Pulmonary Infiltrates (PI) in Acute Myeloid Leukemia (AML) During Induction Treatment (IT). How Much Do We Know?

During IT, AML patients may develop PI due to infection, leukostasis, pneumonitis, drug reaction or even acute respiratory distress syndrome. The risk association and the clinical outcome of such PI are poorly characterized in the literature. This study investigates the frequency, radiologic patterns, and outcome of PI during the IT of AML patients.

We retrospectively reviewed 363 cases of AML patients who received IT either cytarabine and anthracycline regimens, or hypomethylating agents between January, 2000-January, 2011 at William Beaumont Health System. Of 363 patients, 120 developed PI during IT, those patients were divided into 2 groups based on distribution of the infiltrate presenting whether localized or diffuse infiltrate. Distribution of the infiltrate was evaluated by dividing the thorax vertically in the midline, then horizontally by two lines originating above and below the hilus resulting in six areas. Localized infiltrate was defined as involvement of 1–3 areas, and diffuse infiltrate was defined as >3 areas were involved. Detected by either Bronchioalveolar lavage culture or sputum culture revealing a pathogen other than coagulase-negative staphylococci or corynebacteria was considered as pathogenic microorganisms. Treatment end points were defined as resolve or persistence of the infiltrate or death. Data on pts characteristics, leukemia subtype, cytogenetic risk, microorganism type, white blood cell count (WBC) at diagnosis, neutrophils count at the time of the infiltrate reported, response to antibiotic and/or antifungal therapy, using respiratory support, mortality rate, were retrieved from the records.

Our study involved 120 patients. Of these, 33% developed PI during their IT. This population was 53.3 % female, median age 66 years (range 23–93). We noted that 63 patients (52.5%) had localized infiltrate and 57 patients (47.5%) had diffuse infiltrate. Of the 120 patients, 46 (39.3%) had pathogenic microorganisms. These microorganisms were found to be 50% gram positive, 32% gram negative, 10.8% fungal, and 4.3% anaerobic. All 120 patients received two broad-spectrum antibiotics and/or an antifungal. Of the total number of patients, 58 (48.7%) required intubation and ventilatory support. The repeat computed tomography at the end of the hospital stay (after the treatment) showed resolution of the infiltrate in 67 patients (55.8%). During our study, 46 patients died from PI (38.3 %).
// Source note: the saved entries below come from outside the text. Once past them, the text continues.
(* Let $\kappa\ge2$, and let $\psi^+$ be a rooted binary topological tree on a taxon set $X$ with $|X|\ge 2$. Let $\psi_A^+$ and $\psi_B^+$ be the rooted subtrees descending from the two children of the root, on taxon sets $A$ and $B$ respectively, so $X=A\sqcup B$ and $\psi^+=(\psi_A^+,\psi_B^+)$. Then $$c_\kappa(\psi^+)=c_\kappa(\psi_A^+)\,c_\kappa(\psi_B^+)-\binom{\kappa}{2}.$$
   Context: For a rooted binary topological tree $\psi^+$ on a taxon set $X$ and $\kappa\ge2$, consider real $|X|$-way $\kappa\times\cdots\times\kappa$ tensors $P$ with one index per taxon. For $Y\subseteq X$, $P_Y$ is the marginalization (sum over indices of taxa not in $Y$); $\psi^+|_Y$ is the induced rooted subtree; a 2-clade is a pair of leaves that are exactly the leaf descendants of some vertex. Let $L(\psi^+)\subseteq\mathbb R^{\kappa^{|X|}}$ be the linear space of all real tensors $P$ such that for every $Y\subseteq X$ and every 2-clade $\{a,b\}$ of $\psi^+|_Y$, $P_Y$ is invariant under exchanging the $a$ and $b$ indices, and let $c_\kappa(\psi^+)=\dim L(\psi^+)$. (Equivalently $c_\kappa(\psi^+)=d_\kappa(\psi^+)+1$, where $d_\kappa(\psi^+)$ is the dimension of the affine space of such tensors whose entries sum to 1, the affine closure of the UE model.) For a tree with a single leaf, $L$ is all of $\mathbb R^\kappa$, so $c_\kappa=\kappa$. *)

From HB Require Import structures.
From mathcomp Require Import all_boot all_order all_algebra.
From mathcomp Require Import all_fingroup reals.
Set Implicit Arguments. Unset Strict Implicit. Unset Printing Implicit Defensive.
Import Order.TTheory GRing.Theory Num.Theory.
Local Open Scope ring_scope.

(* A tree "on taxon set X" is a tree with pairwise distinct leaf labels whose
   leaf-label set is X. *)
Inductive rtree (T : Type) : Type :=
| Leaf of T
| Node of rtree T & rtree T.
Arguments Leaf {T}.
Arguments Node {T}.

Fixpoint leaves {T : Type} (t : rtree T) : seq T :=
  match t with
  | Leaf x => [:: x]
  | Node l r => leaves l ++ leaves r
  end.

Section Trees.
Variable T : finType.

Definition taxa_set (t : rtree T) : {set T} := [set x in leaves t].

(* induced rooted subtree psi|_Y (degree-two vertices suppressed);
   None when Y contains no leaf of t *)
Fixpoint restrict (Y : {set T}) (t : rtree T) : option (rtree T) :=
  match t with
  | Leaf x => if x \in Y then Some (Leaf x) else None
  | Node l r =>
      match restrict Y l, restrict Y r with
      | Some l', Some r' => Some (Node l' r')
      | Some l', None => Some l'
      | None, Some r' => Some r'
      | None, None => None
      end
  end.

(* {a, b} is a 2-clade of t: some vertex has exactly a and b as leaf
   descendants (in a binary tree, such a vertex is a cherry). *)
Fixpoint is_2clade (t : rtree T) (a b : T) : bool :=
  match t with
  | Leaf _ => false
  | Node l r =>
      [|| match l, r with
          | Leaf x, Leaf y => ((x == a) && (y == b)) || ((x == b) && (y == a))
          | _, _ => false
          end, is_2clade l a b | is_2clade r a b]
  end.

Definition is_2clade_opt (t : option (rtree T)) (a b : T) : bool :=
  if t is Some t' then is_2clade t' a b else false.

Variable R : realType.
Variable k : nat.

Definition taxon (X : {set T}) := {x : T | x \in X}.

Definition index_of (X : {set T}) := {ffun taxon X -> 'I_k}.
Definition tensor (X : {set T}) := {ffun index_of X -> R^o}.

(* marginalization P_Y evaluated at the Y-part of the multi-index w *)
Definition marg (X : {set T}) (P : tensor X) (Y : {set T}) (w : index_of X) : R :=
  \sum_(u : index_of X | [forall x : taxon X, (val x \in Y) ==> (u x == w x)]) P u.
Lemma lagrange_interp P T : leads P T N -> forall l,
  P.[l] = T * \prod_(n < N) (l - xi n) +
          \sum_(a < N) (\prod_(b < N | b != a) ((l - xi b) / (xi a - xi b))) * P.[xi a].
Proof.
move=> hP.
pose Z := P - T *: rootsP xi 0 - \sum_(a < N) P.[xi a] *: lagrange a.
have sZ : (size Z <= N)%N.
  apply: leq_trans (size_polyD _ _) _; rewrite geq_max; apply/andP; split.
    have := leadsB hP (leadsZ T (leads_rootsP xi 0)).
    by rewrite mulr1 subrr /leads scale0r subr0.
  rewrite size_polyN; apply: leq_trans (size_sum _ _ _) _.
  apply/bigmax_leqP => a _; apply: leq_trans (size_scale_leq _ _) _.
  exact: size_lagrange.
have Z_xi c : Z.[xi c] = 0.
  rewrite !hornerE horner_sum rootsPE (bigD1 c) //= addr0 subrr mul0r mulr0 subr0.
  rewrite (bigD1 c) //= big1 => [|a ac]; last by rewrite hornerZ lagrange_xi (negbTE ac) mulr0.
  by rewrite hornerZ lagrange_xi eqxx mulr1 addr0 subrr.
have Z0 : Z = 0.
  apply/eqP; apply: contraT => nz.
  have := @max_poly_roots _ Z (map xi (enum 'I_N)) nz.
  rewrite size_map size_enum_ord ltnNge sZ; apply => //.
    by apply/allP => y /mapP [c _ ->]; rewrite /root Z_xi.
  by rewrite map_inj_uniq // enum_uniq.
move=> l; move/(congr1 (horner^~ l))/eqP: Z0.
rewrite !hornerE horner_sum rootsPE subr_eq0 subr_eq => /eqP ->.
rewrite addrC; congr (_ * _ + _); first by apply: eq_bigr => n _; rewrite addr0.
by apply: eq_bigr => a _; rewrite hornerZ lagrangeE mulrC.
Qed.
(* Let $k\ge 1$, $l_0,l_1,\dots,l_k$ and $m_1,\dots,m_k$ be non-negative integers with $l_0>0$, $l_i\ge m_i$ for all $1\le i\le k$, and $l'>m'>0$, where $l'=\sum_{i=1}^k l_i$ and $m'=\sum_{i=1}^k m_i$. For a meromorphic function $f$ put $$P[f]=f^{l_0}(f^{l_1})^{(m_1)}(f^{l_2})^{(m_2)}\cdots (f^{l_k})^{(m_k)}.$$ Let $\omega\not\equiv 0$ be a polynomial of degree $m<l_0$, and let $f$ be a non-constant rational function whose poles, if any, all have multiplicity at least $l_0$. Then $P[f]-\omega$ has at least two distinct zeros in $\mathbb{C}$. *)

(* Complex numbers are modelled as R[i] = complex R for an
   arbitrary R : realType; rational functions as pairs (numerator, denominator)
   of polynomials over R[i]. *)
From HB Require Import structures.
From mathcomp Require Import all_boot all_order all_algebra.
From mathcomp Require Import reals complex.
Set Implicit Arguments. Unset Strict Implicit. Unset Printing Implicit Defensive.
Import Order.TTheory GRing.Theory Num.Theory.
Local Open Scope ring_scope.

Section RatFun.
Variable F : fieldType.

(* A rational function is represented by a pair (a, b) meaning a / b, b <> 0. *)
Definition rmul (x y : {poly F} * {poly F}) : {poly F} * {poly F} :=
  (x.1 * y.1, x.2 * y.2).

Definition rexp (x : {poly F} * {poly F}) (n : nat) : {poly F} * {poly F} :=
  (x.1 ^+ n, x.2 ^+ n).

(* quotient rule: (a/b)' = (a' b - a b') / b^2 *)
Definition rderiv (x : {poly F} * {poly F}) : {poly F} * {poly F} :=
  (x.1^`() * x.2 - x.1 * x.2^`(), x.2 ^+ 2).

Definition rderivn (n : nat) (x : {poly F} * {poly F}) := iter n rderiv x.

Definition rsubpoly (x : {poly F} * {poly F}) (w : {poly F}) :=
  (x.1 - w * x.2, x.2).

(* the rational function a/b (b <> 0) has a zero at z: it is regular at z
   with value 0, i.e. a/b = a'/b' with b'(z) <> 0 and a'(z) = 0. *)
Definition rzero_at (x : {poly F} * {poly F}) (z : F) : Prop :=
  exists a' b' : {poly F}, x.1 * b' = a' * x.2 /\ b'.[z] != 0 /\ a'.[z] = 0.

Definition Pdiff (k : nat) (l0 : nat) (l m : nat -> nat)
  (f : {poly F} * {poly F}) : {poly F} * {poly F} :=
  rmul (rexp f l0)
    (\big[rmul/(1, 1)]_(1 <= i < k.+1) rderivn (m i) (rexp f (l i))).

End RatFun.

From mathcomp Require Import all_boot all_order all_algebra.
From mathcomp Require Import reals complex.
From mathcomp Require Import ring zify.
From Stdlib Require Import Classical_Prop.
Set Implicit Arguments. Unset Strict Implicit. Unset Printing Implicit Defensive.
Import Order.TTheory GRing.Theory Num.Theory.
Local Open Scope ring_scope.

(* Write f = p/q, n = l0 + l' and s = size w, so that deg w = s - 1 < l0.  Orders of
   rational functions at points are read off from multiplicities: at a pole of f of
   order mu >= l0, P[f] has a pole of order n mu + m', and at a zero of f of order mu
   it vanishes to order at least n mu - m' > s.  Differentiation lowers every nonzero
   order by one, keeps regular points regular and lowers the degree.  Put
   Phi = P[f] - w and Psi = Phi^(s) = P[f]^(s).
   Suppose Phi vanishes at no point other than z0.  The degree of a nonzero rational
   function is the sum of its orders over all points; comparing these sums for Phi and
   Psi gives deg p <= s T <= l0 T <= deg q, with T the number of poles of f.  Hence
   deg P[f] < 0 and deg Phi = deg w, which fixes the order of Phi at z0 and forces
   p(z0) != 0; the sum of the orders of Psi then exceeds deg P[f] - s >= deg Psi. *)

Section Multiplicity.
Variable F : fieldType.
Implicit Types (a c : {poly F}) (z : F).

Lemma mup_XsubC_factor a z : a != 0 ->
  exists2 a1, ~~ root a1 z & a = a1 * ('X - z%:P) ^+ mup z a.
Proof.
move=> a0; have [n [a1 /implyP/(_ a0) a1z Ea]] := multiplicity_XsubC a z.
by exists a1 => //; rewrite {2}Ea mupMr // mup_XsubCX eqxx.
Qed.

Lemma mup_lt_size a z : a != 0 -> (mup z a < size a)%N.
Proof.
move=> a0; have [a1 a1z Ea] := mup_XsubC_factor z a0.
have a10 : a1 != 0 by apply: contraNneq a1z => ->; rewrite root0.
rewrite [in X in (_ < X)%N]Ea size_mul ?expf_neq0 ?polyXsubC_eq0 //.
rewrite size_exp_XsubC addnS /=; move: a10; rewrite -size_poly_gt0.
by move: (size a1) (mup z a) => *; lia.
Qed.

Lemma mup_gt0 a z : a != 0 -> root a z -> (0 < mup z a)%N.
Proof. by move=> a0 az; rewrite -XsubC_dvd // dvdp_XsubCl. Qed.

Lemma mupN a z : mup z (- a) = mup z a.
Proof. by rewrite -mulN1r mupMr // rootN root1. Qed.

Lemma mupX a z n : a != 0 -> mup z (a ^+ n) = (mup z a * n)%N.
Proof.
move=> a0; elim: n => [|n IHn]; first by rewrite muln0 mupNroot ?root1.
by rewrite exprS mupM ?expf_neq0 // IHn mulnS.
Qed.

Lemma mupD_ltl a c z : a != 0 -> c != 0 -> (mup z a < mup z c)%N ->
  mup z (a + c) = mup z a.
Proof.
move=> a0 c0 ac.
have dvd_c n : (n <= mup z c)%N -> ('X - z%:P) ^+ n %| c by rewrite mup_geq.
have ac0 : a + c != 0.
  by apply: contraTneq ac => /eqP; rewrite addr_eq0 => /eqP->; rewrite mupN ltnn.
apply/eqP; rewrite eqn_leq mup_leq // (dvdp_addl _ (dvd_c _ ac)) -mup_ltn // ltnSn.
by rewrite mup_geq // dvdp_add ?dvd_c 1?ltnW // -mup_geq.
Qed.

Lemma mup_XsubCX_mul c z n : c != 0 -> mup z (('X - z%:P) ^+ n * c) = (n + mup z c)%N.
Proof. by move=> c0; rewrite mupM ?expf_neq0 ?polyXsubC_eq0 // mup_XsubCX eqxx. Qed.

Lemma mup_XsubC_mul c z : c != 0 -> mup z (('X - z%:P) * c) = (mup z c).+1.
Proof. by move=> c0; rewrite -[X in X * c]expr1 mup_XsubCX_mul. Qed.

Lemma scale_const_poly a c : size a = 1%N -> size c = 1%N -> exists k, a = k *: c.
Proof.
move=> /eqP/size_poly1P[x _ ->] /eqP/size_poly1P[y y0 ->].
by exists (x / y); rewrite -mul_polyC -polyCM mulfVK.
Qed.

End Multiplicity.

Lemma sum_count_mem (T : eqType) (S r : seq T) : uniq S -> {subset r <= S} ->
  (\sum_(z <- S) count_mem z r)%N = size r.
Proof.
move=> uS; elim: r => [|x r IHr] rS /=; first by rewrite big1.
rewrite big_split /= IHr => [|y ry]; last by rewrite rS // inE ry orbT.
rewrite -big_mkcond sum1_count.
by rewrite (eq_count (a2 := pred1 x)) => [|y]; rewrite ?count_uniq_mem ?rS ?mem_head // eq_sym.
Qed.

Lemma sum_mup (F : closedFieldType) (a : {poly F}) (S : seq F) :
  a != 0 -> uniq S -> (forall z, root a z -> z \in S) ->
  (size a).-1 = (\sum_(z <- S) mup z a)%N.
Proof.
move=> a0 uS aS; have [r Ea] := closed_field_poly_normal a.
have la0 : lead_coef a != 0 by rewrite lead_coef_eq0.
have mupE z : mup z a = count_mem z r.
  by rewrite Ea -mul_polyC mupMr ?mu_prod_XsubC // rootC.
rewrite (eq_bigr _ (fun z _ => mupE z)) sum_count_mem // => [|z rz].
  by rewrite Ea size_scale // size_prod_XsubC.
by apply: aS; rewrite Ea rootZ // root_prod_XsubC.
Qed.

Lemma XsubC_mul_rderiv_num (R : comNzRingType) (a1 b1 : {poly R}) (z : R) (i j : nat) :
  let a := a1 * ('X - z%:P) ^+ i in let b := b1 * ('X - z%:P) ^+ j in
  ('X - z%:P) * (a^`() * b - a * b^`()) = ('X - z%:P) ^+ (i + j) *
    ((i%:R - j%:R) * (a1 * b1) + ('X - z%:P) * (a1^`() * b1 - a1 * b1^`())).
Proof.
set Xz := 'X - z%:P.
have XzderivM c n : Xz * (c * Xz ^+ n)^`() = Xz ^+ n * (Xz * c^`() + c * n%:R).
  rewrite derivM deriv_exp derivXsubC mul1r -mulr_natr.
  by case: n => [|n]; rewrite ?mulr0 ?expr0 ?exprS /=; ring.
move=> a b; have -> : Xz * (a^`() * b - a * b^`()) = (Xz * a^`()) * b - a * (Xz * b^`()).
  by ring.
rewrite !XzderivM /a /b exprD; ring.
Qed.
Further analysis of the data showed patients with localized PI (when compared to patients with diffuse infiltrate) were more likely to have positive pathogenic microorganisms (68.3% vs 8.8%, p <0.001), neutropenic (96.8% vs 21.1%, p <0.001), and tend to have potentially reversible infiltrates after treatment (87.3% vs 21%, p <0.001).

Patients with diffuse infiltrate (when compared to patients with localized infiltrate) were more like to require intubation (78.9% vs 21%, p <0.001), had leukocytosis (WBC >100 Bil/L) at diagnosis (54.4% vs 0%, p <0.001) and had a higher mortality rate (70.2% vs 9.5%, p <0.001).

During IT about one third of the AML patients developed PI. The radiological patterns of PI showed specific etiological and prognostic associations, may guide the clinical decision making processes. Diffuse PI is an unfavorable characteristic with overall dismal outcome.

No relevant conflicts of interest to declare.